**What to produce:** Word for word, return the lines from the top of the listing to the line containing "Module QuatEqChoice.", both ends included, and no others.

+++ Supplied entries

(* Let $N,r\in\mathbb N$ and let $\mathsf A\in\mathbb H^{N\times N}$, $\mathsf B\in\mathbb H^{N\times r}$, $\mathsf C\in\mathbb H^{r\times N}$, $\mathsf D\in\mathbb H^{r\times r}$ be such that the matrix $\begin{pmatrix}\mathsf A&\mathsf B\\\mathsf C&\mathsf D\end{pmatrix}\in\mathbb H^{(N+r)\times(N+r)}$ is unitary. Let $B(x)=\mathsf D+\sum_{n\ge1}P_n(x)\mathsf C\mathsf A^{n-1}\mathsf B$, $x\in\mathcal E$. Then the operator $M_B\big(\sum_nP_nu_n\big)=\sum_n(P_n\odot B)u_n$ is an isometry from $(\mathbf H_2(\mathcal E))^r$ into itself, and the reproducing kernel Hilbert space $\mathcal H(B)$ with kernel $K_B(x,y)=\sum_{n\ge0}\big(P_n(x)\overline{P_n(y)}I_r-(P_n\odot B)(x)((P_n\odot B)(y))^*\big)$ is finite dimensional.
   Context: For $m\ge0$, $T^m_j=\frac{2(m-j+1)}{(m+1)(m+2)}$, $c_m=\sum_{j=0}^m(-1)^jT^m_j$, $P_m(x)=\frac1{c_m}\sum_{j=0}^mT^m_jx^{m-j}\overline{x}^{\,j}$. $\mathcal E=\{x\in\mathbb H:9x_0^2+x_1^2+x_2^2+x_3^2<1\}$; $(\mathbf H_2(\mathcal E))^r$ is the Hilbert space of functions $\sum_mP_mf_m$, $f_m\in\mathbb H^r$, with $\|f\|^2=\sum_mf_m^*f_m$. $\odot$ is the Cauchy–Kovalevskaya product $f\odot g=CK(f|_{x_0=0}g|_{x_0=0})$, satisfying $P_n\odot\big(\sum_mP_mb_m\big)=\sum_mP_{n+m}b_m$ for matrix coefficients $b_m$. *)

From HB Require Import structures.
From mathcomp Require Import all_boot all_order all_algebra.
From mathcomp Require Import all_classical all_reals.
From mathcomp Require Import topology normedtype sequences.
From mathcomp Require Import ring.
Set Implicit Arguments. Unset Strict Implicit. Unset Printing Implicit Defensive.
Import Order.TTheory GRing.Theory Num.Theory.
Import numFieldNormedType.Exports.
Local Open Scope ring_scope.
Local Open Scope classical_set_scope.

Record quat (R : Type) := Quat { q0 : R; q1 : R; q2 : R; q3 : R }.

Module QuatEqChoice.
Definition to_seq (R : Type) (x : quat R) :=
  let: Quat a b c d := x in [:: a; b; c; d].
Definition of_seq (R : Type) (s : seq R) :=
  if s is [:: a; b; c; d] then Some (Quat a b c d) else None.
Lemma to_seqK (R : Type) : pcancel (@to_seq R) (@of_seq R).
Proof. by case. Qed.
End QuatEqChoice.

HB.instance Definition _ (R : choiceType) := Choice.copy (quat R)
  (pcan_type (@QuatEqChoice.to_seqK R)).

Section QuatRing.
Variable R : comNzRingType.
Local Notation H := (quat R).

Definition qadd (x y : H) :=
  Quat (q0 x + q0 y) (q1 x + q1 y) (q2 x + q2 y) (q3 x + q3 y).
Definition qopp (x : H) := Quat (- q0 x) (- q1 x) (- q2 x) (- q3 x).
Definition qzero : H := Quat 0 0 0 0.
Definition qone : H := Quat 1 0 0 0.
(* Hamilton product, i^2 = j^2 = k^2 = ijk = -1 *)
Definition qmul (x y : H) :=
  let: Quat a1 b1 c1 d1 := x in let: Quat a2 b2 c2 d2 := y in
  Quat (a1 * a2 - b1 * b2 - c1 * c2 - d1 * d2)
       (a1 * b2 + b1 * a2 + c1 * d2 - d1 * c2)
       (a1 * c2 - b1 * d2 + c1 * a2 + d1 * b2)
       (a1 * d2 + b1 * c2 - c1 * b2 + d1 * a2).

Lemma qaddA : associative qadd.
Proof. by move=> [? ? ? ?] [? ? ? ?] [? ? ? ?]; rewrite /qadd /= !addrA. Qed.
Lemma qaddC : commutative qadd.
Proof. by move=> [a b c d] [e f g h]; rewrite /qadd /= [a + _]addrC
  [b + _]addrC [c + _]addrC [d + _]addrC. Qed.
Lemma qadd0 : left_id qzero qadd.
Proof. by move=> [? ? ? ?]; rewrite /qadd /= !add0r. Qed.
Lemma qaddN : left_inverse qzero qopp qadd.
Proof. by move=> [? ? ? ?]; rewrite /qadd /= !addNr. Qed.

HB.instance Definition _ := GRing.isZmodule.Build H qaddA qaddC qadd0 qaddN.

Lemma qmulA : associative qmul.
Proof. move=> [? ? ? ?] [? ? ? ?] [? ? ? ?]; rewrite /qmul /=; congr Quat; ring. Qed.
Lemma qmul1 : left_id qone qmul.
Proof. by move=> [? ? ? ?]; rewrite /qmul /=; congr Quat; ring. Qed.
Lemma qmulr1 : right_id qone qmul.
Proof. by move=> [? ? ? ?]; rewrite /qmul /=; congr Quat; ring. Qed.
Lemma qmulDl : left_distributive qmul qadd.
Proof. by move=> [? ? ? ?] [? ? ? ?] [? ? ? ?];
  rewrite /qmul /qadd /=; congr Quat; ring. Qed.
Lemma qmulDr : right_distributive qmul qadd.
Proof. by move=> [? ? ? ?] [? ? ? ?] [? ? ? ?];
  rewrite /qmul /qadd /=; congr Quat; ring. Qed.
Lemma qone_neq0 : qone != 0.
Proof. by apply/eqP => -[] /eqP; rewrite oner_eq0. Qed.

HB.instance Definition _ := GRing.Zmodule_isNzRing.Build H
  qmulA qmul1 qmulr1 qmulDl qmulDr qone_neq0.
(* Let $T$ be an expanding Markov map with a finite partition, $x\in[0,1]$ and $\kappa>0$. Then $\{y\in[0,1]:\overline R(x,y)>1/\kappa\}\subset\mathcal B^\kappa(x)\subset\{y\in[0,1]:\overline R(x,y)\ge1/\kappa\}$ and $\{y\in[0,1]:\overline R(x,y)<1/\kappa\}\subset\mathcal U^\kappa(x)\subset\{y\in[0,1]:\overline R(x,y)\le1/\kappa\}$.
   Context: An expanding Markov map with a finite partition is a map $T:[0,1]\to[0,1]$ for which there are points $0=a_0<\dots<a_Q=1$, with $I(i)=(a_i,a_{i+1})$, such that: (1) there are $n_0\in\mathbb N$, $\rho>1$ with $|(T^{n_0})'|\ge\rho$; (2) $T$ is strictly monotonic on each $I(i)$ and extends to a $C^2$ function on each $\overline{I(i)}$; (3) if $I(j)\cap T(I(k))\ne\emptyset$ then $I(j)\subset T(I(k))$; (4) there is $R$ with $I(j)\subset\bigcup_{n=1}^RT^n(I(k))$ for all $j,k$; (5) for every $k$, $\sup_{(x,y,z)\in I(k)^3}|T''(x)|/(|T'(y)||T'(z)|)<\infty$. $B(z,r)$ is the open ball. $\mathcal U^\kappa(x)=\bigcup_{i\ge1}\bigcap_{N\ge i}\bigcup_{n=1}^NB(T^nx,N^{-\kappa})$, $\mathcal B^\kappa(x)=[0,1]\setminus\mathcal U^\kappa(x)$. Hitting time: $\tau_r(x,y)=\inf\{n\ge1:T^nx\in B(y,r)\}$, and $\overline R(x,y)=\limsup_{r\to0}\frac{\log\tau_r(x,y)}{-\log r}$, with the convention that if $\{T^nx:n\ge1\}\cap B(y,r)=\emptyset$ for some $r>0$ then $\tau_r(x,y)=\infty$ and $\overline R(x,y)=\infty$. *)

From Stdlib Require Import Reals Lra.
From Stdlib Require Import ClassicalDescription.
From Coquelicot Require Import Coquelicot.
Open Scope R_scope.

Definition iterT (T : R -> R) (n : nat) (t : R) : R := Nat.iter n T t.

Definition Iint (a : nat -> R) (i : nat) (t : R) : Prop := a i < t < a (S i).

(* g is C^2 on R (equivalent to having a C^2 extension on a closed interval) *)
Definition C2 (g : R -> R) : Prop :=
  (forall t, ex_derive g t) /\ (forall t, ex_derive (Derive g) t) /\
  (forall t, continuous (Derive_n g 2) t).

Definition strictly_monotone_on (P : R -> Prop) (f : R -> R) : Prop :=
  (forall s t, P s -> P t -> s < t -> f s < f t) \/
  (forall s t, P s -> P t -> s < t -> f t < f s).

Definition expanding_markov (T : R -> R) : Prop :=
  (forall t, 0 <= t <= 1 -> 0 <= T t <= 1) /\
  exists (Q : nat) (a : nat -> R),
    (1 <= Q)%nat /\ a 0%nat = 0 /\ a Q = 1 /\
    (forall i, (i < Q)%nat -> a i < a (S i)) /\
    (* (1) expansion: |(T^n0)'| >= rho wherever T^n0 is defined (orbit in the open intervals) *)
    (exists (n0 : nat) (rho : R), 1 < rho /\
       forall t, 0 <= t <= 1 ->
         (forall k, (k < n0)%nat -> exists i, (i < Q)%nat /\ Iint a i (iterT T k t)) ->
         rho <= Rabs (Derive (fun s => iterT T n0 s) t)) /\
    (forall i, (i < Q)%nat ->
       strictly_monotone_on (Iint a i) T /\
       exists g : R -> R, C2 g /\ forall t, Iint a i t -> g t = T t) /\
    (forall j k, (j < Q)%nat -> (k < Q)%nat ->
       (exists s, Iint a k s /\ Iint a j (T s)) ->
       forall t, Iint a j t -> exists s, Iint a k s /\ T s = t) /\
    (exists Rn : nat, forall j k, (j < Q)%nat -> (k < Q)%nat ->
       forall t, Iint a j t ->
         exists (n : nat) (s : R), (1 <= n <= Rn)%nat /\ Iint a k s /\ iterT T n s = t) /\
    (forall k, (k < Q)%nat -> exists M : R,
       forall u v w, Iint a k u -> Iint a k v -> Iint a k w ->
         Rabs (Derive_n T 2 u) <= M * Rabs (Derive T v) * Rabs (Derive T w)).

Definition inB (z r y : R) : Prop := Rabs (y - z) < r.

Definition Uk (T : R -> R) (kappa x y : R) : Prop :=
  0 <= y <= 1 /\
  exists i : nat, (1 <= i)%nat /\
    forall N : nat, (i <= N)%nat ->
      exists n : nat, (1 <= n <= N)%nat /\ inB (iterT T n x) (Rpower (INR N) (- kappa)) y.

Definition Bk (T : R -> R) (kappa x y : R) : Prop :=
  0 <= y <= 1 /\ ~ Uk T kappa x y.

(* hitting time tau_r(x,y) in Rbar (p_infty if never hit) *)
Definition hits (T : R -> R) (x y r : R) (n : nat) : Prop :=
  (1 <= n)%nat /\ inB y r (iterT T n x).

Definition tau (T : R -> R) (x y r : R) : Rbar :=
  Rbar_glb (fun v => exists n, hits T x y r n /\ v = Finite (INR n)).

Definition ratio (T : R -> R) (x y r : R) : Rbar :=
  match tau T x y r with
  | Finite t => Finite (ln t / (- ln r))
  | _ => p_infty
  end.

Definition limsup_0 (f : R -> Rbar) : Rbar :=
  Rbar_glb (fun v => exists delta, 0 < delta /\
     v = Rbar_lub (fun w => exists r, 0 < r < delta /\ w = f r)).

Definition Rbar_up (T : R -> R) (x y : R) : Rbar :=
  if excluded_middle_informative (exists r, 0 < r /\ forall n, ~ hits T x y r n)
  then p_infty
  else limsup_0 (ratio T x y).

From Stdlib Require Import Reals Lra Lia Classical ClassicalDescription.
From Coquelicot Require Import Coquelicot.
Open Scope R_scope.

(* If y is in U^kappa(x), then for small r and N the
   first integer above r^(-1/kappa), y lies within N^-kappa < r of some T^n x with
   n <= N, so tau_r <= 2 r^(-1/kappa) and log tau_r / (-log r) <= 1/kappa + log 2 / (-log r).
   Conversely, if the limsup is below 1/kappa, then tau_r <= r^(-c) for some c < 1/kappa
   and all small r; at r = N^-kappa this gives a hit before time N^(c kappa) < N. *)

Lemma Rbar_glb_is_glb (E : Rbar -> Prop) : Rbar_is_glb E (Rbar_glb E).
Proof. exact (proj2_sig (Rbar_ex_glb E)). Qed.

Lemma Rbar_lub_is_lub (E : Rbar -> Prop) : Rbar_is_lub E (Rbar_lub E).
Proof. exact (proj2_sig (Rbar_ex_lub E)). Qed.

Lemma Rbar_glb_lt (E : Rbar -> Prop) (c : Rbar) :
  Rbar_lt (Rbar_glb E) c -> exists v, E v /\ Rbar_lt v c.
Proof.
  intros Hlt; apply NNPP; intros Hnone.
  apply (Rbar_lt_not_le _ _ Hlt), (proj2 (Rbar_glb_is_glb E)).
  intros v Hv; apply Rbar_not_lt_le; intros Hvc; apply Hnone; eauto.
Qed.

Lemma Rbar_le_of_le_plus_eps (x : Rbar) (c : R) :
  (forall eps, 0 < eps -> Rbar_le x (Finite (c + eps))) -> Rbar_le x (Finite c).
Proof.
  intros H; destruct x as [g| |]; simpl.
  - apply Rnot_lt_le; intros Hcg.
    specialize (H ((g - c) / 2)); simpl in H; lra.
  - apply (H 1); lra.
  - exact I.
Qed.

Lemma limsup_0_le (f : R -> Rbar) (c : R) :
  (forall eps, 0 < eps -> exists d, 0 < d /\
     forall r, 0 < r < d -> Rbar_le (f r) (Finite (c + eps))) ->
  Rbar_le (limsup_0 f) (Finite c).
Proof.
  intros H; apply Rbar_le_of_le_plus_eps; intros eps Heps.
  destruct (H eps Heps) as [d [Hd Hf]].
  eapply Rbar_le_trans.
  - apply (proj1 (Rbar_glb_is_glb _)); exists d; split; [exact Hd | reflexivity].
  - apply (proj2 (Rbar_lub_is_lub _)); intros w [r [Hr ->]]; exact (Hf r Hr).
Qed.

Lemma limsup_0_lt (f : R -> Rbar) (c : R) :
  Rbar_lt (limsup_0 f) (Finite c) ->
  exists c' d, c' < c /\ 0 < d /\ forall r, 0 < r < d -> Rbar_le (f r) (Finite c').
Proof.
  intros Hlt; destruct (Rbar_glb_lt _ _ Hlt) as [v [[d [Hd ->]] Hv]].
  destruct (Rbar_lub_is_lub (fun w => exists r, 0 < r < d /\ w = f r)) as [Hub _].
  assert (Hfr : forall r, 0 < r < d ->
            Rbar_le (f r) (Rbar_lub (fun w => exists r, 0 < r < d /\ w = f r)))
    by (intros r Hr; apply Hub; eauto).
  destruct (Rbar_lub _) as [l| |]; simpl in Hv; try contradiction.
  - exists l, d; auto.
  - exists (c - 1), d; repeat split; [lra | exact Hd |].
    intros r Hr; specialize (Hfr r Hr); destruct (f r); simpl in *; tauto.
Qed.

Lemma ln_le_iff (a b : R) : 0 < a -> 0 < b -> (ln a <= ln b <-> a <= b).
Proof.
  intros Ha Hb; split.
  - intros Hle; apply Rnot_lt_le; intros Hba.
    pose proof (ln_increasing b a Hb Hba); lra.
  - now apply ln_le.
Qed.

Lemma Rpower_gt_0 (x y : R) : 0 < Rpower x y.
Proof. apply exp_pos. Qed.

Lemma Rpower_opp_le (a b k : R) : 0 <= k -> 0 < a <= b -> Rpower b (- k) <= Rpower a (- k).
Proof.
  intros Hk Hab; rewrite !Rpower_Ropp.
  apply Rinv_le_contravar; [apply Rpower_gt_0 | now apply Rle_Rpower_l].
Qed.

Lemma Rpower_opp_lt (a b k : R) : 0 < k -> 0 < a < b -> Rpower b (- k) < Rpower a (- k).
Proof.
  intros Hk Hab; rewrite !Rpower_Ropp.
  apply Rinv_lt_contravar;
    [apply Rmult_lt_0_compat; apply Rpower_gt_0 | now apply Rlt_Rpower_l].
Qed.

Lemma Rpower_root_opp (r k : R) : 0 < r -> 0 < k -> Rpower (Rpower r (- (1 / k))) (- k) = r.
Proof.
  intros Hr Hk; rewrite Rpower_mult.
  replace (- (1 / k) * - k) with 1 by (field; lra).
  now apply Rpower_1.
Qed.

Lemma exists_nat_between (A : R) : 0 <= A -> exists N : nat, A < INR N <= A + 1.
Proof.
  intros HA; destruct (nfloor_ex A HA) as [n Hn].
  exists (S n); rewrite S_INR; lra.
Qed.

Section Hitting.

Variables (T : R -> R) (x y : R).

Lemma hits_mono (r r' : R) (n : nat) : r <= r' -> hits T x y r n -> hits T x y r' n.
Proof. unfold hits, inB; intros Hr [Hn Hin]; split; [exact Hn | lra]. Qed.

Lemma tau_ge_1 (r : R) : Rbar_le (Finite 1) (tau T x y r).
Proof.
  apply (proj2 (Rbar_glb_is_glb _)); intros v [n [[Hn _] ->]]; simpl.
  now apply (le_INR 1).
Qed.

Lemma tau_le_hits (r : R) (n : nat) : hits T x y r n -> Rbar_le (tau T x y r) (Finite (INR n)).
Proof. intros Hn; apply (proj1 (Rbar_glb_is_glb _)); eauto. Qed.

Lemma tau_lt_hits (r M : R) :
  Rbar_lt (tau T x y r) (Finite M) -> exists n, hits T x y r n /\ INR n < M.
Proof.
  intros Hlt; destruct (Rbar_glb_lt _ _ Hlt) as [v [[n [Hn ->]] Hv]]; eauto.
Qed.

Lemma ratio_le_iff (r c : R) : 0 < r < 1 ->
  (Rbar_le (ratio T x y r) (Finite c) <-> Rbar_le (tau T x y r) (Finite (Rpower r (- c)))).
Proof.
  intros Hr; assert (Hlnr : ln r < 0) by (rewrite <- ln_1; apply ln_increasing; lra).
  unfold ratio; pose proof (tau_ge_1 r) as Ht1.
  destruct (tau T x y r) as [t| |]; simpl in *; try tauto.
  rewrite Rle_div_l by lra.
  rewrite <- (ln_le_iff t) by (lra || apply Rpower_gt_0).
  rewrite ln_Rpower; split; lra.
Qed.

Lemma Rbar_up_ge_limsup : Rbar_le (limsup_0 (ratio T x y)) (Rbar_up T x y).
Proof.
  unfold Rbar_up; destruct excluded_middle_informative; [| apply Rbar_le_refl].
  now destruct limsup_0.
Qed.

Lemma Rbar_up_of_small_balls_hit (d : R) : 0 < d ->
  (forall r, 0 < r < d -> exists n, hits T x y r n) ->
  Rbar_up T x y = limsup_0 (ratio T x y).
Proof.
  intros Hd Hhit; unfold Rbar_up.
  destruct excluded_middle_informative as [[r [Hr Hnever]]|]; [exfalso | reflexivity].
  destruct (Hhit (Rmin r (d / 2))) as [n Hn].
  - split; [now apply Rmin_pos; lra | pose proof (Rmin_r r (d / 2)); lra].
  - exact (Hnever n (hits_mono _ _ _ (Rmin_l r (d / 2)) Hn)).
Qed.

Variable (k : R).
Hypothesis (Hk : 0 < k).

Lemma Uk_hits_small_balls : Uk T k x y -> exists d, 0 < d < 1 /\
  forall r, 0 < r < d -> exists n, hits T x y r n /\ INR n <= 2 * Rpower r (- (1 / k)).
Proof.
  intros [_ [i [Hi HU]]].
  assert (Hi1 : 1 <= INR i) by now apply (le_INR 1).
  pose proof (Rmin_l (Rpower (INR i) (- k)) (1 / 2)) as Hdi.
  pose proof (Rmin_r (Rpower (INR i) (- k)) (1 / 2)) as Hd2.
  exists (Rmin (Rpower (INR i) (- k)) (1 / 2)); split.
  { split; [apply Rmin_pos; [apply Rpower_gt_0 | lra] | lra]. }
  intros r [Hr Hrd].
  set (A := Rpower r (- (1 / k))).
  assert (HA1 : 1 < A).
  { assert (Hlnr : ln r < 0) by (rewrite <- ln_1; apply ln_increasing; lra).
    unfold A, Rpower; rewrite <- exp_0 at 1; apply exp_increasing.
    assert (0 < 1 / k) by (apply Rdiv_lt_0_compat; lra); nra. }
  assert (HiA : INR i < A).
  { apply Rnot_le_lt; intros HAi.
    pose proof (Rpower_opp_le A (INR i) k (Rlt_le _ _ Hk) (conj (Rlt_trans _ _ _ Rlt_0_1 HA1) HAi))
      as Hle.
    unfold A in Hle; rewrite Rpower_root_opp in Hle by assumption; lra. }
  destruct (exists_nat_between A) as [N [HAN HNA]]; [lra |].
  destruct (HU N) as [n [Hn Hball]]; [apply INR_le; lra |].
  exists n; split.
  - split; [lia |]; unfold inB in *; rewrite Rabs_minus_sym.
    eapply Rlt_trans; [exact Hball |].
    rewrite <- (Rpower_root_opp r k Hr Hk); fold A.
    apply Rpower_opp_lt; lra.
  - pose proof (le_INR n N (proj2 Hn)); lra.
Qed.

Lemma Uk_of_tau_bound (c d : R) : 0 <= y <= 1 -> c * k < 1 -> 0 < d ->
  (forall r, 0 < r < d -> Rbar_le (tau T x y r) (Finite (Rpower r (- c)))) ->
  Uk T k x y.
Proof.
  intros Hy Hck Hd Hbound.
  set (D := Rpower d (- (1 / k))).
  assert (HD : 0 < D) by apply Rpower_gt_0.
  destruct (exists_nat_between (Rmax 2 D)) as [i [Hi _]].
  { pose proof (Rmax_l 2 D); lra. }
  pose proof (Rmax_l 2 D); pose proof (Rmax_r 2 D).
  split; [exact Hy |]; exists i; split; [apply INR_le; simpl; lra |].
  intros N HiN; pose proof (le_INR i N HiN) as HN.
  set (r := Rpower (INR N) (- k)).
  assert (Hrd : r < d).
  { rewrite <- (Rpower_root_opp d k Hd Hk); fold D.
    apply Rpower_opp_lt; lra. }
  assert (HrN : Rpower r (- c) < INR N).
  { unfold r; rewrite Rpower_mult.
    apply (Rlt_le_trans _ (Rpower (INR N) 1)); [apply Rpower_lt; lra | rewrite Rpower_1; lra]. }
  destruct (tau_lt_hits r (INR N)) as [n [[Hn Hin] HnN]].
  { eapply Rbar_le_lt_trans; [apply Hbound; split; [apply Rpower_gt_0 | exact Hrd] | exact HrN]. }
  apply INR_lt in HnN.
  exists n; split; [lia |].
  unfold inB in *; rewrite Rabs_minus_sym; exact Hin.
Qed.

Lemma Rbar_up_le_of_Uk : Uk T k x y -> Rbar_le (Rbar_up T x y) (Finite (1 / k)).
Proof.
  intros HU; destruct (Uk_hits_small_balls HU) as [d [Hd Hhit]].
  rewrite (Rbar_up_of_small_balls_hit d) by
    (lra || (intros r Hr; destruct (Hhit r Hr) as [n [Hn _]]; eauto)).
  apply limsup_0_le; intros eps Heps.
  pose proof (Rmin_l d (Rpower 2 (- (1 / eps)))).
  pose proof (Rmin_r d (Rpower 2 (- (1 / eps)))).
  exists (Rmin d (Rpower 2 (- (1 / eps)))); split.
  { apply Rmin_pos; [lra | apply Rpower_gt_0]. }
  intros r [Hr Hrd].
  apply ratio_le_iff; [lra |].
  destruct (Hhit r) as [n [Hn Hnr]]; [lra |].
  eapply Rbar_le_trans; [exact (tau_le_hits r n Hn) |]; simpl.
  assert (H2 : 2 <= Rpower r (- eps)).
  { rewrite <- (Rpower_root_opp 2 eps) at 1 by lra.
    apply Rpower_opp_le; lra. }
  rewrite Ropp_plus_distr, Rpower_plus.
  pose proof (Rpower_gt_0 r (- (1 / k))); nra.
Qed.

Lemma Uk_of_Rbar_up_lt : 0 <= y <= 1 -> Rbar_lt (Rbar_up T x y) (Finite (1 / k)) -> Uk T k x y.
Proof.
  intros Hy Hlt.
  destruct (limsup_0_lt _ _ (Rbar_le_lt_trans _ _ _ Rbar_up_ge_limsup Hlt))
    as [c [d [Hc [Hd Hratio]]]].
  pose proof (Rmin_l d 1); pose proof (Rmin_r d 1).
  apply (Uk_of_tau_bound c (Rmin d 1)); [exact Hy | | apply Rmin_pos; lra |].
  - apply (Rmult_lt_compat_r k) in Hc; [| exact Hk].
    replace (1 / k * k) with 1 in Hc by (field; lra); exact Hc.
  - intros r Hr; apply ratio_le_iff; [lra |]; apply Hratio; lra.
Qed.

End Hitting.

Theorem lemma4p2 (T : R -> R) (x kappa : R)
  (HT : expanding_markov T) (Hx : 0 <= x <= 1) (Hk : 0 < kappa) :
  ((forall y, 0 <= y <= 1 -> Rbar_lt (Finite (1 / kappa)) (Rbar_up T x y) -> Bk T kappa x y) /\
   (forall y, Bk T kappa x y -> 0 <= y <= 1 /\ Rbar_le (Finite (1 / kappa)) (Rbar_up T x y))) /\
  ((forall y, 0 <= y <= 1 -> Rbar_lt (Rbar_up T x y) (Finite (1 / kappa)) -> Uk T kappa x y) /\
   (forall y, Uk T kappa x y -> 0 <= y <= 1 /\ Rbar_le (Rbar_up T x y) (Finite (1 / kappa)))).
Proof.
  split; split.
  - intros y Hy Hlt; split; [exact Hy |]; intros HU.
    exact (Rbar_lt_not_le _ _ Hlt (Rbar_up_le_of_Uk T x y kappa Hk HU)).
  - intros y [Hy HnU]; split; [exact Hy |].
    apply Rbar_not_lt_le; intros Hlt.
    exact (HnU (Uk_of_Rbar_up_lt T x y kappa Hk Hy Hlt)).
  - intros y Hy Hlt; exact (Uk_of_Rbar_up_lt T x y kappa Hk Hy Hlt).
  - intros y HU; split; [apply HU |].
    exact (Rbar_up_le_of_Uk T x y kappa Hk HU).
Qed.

++++++

**Task output:**
(* Let $N,r\in\mathbb N$ and let $\mathsf A\in\mathbb H^{N\times N}$, $\mathsf B\in\mathbb H^{N\times r}$, $\mathsf C\in\mathbb H^{r\times N}$, $\mathsf D\in\mathbb H^{r\times r}$ be such that the matrix $\begin{pmatrix}\mathsf A&\mathsf B\\\mathsf C&\mathsf D\end{pmatrix}\in\mathbb H^{(N+r)\times(N+r)}$ is unitary. Let $B(x)=\mathsf D+\sum_{n\ge1}P_n(x)\mathsf C\mathsf A^{n-1}\mathsf B$, $x\in\mathcal E$. Then the operator $M_B\big(\sum_nP_nu_n\big)=\sum_n(P_n\odot B)u_n$ is an isometry from $(\mathbf H_2(\mathcal E))^r$ into itself, and the reproducing kernel Hilbert space $\mathcal H(B)$ with kernel $K_B(x,y)=\sum_{n\ge0}\big(P_n(x)\overline{P_n(y)}I_r-(P_n\odot B)(x)((P_n\odot B)(y))^*\big)$ is finite dimensional.
   Context: For $m\ge0$, $T^m_j=\frac{2(m-j+1)}{(m+1)(m+2)}$, $c_m=\sum_{j=0}^m(-1)^jT^m_j$, $P_m(x)=\frac1{c_m}\sum_{j=0}^mT^m_jx^{m-j}\overline{x}^{\,j}$. $\mathcal E=\{x\in\mathbb H:9x_0^2+x_1^2+x_2^2+x_3^2<1\}$; $(\mathbf H_2(\mathcal E))^r$ is the Hilbert space of functions $\sum_mP_mf_m$, $f_m\in\mathbb H^r$, with $\|f\|^2=\sum_mf_m^*f_m$. $\odot$ is the Cauchy–Kovalevskaya product $f\odot g=CK(f|_{x_0=0}g|_{x_0=0})$, satisfying $P_n\odot\big(\sum_mP_mb_m\big)=\sum_mP_{n+m}b_m$ for matrix coefficients $b_m$. *)

From HB Require Import structures.
From mathcomp Require Import all_boot all_order all_algebra.
From mathcomp Require Import all_classical all_reals.
From mathcomp Require Import topology normedtype sequences.
From mathcomp Require Import ring.
Set Implicit Arguments. Unset Strict Implicit. Unset Printing Implicit Defensive.
Import Order.TTheory GRing.Theory Num.Theory.
Import numFieldNormedType.Exports.
Local Open Scope ring_scope.
Local Open Scope classical_set_scope.

Record quat (R : Type) := Quat { q0 : R; q1 : R; q2 : R; q3 : R }.

Module QuatEqChoice.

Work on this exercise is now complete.